■ WHAT IS NEEDED
Produce an exact copy of the lines below, starting at the first and ending with the line containing "pose proof (fk_ne_peak".

■ EXTRACTED ENTRIES
Lemma dgk_ratio (z : R) : 0 < z < - ln (peak k) ->
  dgk k f z / (- / (INR k * z)) =
  z / (1 - exp (- z)) * (1 - f (exp (- z))) * (INR (k + 1) * exp (- z) - INR k)
    * (INR k / (INR k - INR (k + 1) * f (exp (- z)))).
Proof.
  intros Hz. pose proof (peak_bounds k k_pos).
  assert (Hk : 0 < INR k) by (apply lt_0_INR; lia).
  assert (Hk1 : 0 < INR (k + 1)) by (apply lt_0_INR; lia).
  set (x := exp (- z)). set (y := f x) in *.
  assert (Hx : peak k < x < 1) by (apply exp_neg_between; lra).
  pose proof (fk_interior x ltac:(lra)) as Hy. fold y in Hy.
  assert (Hyp : y < peak k).
  { pose proof (fk_below_peak x ltac:(lra)) as Hb.
    pose proof (fk_ne_peak x ltac:(lra) ltac:(lra)) as Hn. fold y in Hb, Hn. lra. }
  assert (Hkx : INR k - INR (k + 1) * x < 0).
  { destruct Hx as [Hx _]. unfold peak in Hx. apply Rlt_div_l in Hx; lra. }
  assert (Hky : 0 < INR k - INR (k + 1) * y).
  { unfold peak in Hyp. apply Rlt_div_r in Hyp; lra. }
  assert (Hh : hk k y = hk k x) by (apply fk_hk; lra).
  unfold dgk, dfk. fold x y. destruct (Req_dec_T x (peak k)) as [E|_]; [lra|].
  unfold hk, dhk in *. rewrite !(pow_succ_pred _ k k_pos) in Hh.
  assert (HX : 0 < x ^ pred k) by (apply pow_lt; lra).
  replace (y ^ pred k) with (x * x ^ pred k * (1 - x) / (y * (1 - y))) by (field_simplify_eq; lra).
  field. repeat split; lra.
Qed.

Lemma dgk_equiv_at_0plus : equiv_at_0plus (dgk k f) (fun z => - / (INR k * z)).
Proof.
  pose proof (ln_peak_neg k k_pos).
  assert (Hk : 0 < INR k) by (apply lt_0_INR; lia).
  apply equiv_at_0plus_of_filterlim.
  set (x := fun z => exp (- z)). set (y := fun z => f (x z)).
  assert (Hx := filterlim_exp_neg_at_0plus). assert (Hy := fk_exp_neg_at_0plus). fold x y in Hx, Hy.
  assert (H1y : filterlim (fun z => 1 - y z) (at_right 0) (locally 1))
    by (apply (filterlim_continuity_pt y (fun t => 1 - t) 0 _ Hy); [reg | ring]).
  assert (Hlin : filterlim (fun z => INR (k + 1) * x z - INR k) (at_right 0) (locally 1)).
  { apply (filterlim_continuity_pt x (fun t => INR (k + 1) * t - INR k) 1 _ Hx); [reg|].
    rewrite plus_INR. simpl. ring. }
  assert (Hden : filterlim (fun z => INR k / (INR k - INR (k + 1) * y z)) (at_right 0) (locally 1)).
  { apply (filterlim_continuity_pt y (fun t => INR k / (INR k - INR (k + 1) * t)) 0 _ Hy).
    - reg. lra.
    - field. lra. }
  pose proof (filterlim_Rmult _ _ _ _ (filterlim_Rmult _ _ _ _
    (filterlim_Rmult _ _ _ _ filterlim_div_one_minus_exp_neg H1y) Hlin) Hden) as Hprod.
  rewrite !Rmult_1_l in Hprod.
  refine (filterlim_ext_loc _ _ _ Hprod).
  assert (Hnear := at_right_0_interval (- ln (peak k)) ltac:(lra)).
  refine (filter_imp _ _ _ Hnear). intros z Hz. now rewrite dgk_ratio.
Qed.

End Fk.

Theorem mainTheorem10 (k : nat) (f : R -> R) :
  (1 <= k)%nat -> is_fk k f ->
  equiv_at_infty (gk f) (fun z => exp (- INR k * z)) /\
  equiv_at_0plus (gk f) (fun z => / INR k * ln (/ z)) /\
  exists g' : R -> R,
    (forall z, 0 < z -> derivable_pt_lim (gk f) z (g' z)) /\
    equiv_at_0plus g' (fun z => - / (INR k * z)).
Proof.
  intros Hk Hf.
  split; [exact (gk_equiv_at_infty k f Hk Hf)|].
  split; [exact (gk_equiv_at_0plus k f Hk Hf)|].
  exists (dgk k f). split.
  - exact (derivable_pt_lim_gk k f Hk Hf).
  - exact (dgk_equiv_at_0plus k f Hk Hf).
Qed.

■ EXERCISE RESPONSE
Lemma dgk_ratio (z : R) : 0 < z < - ln (peak k) ->
  dgk k f z / (- / (INR k * z)) =
  z / (1 - exp (- z)) * (1 - f (exp (- z))) * (INR (k + 1) * exp (- z) - INR k)
    * (INR k / (INR k - INR (k + 1) * f (exp (- z)))).
Proof.
  intros Hz. pose proof (peak_bounds k k_pos).
  assert (Hk : 0 < INR k) by (apply lt_0_INR; lia).
  assert (Hk1 : 0 < INR (k + 1)) by (apply lt_0_INR; lia).
  set (x := exp (- z)). set (y := f x) in *.
  assert (Hx : peak k < x < 1) by (apply exp_neg_between; lra).
  pose proof (fk_interior x ltac:(lra)) as Hy. fold y in Hy.
  assert (Hyp : y < peak k).
  { pose proof (fk_below_peak x ltac:(lra)) as Hb.
    pose proof (fk_ne_peak x ltac:(lra) ltac:(lra)) as Hn. fold y in Hb, Hn. lra. }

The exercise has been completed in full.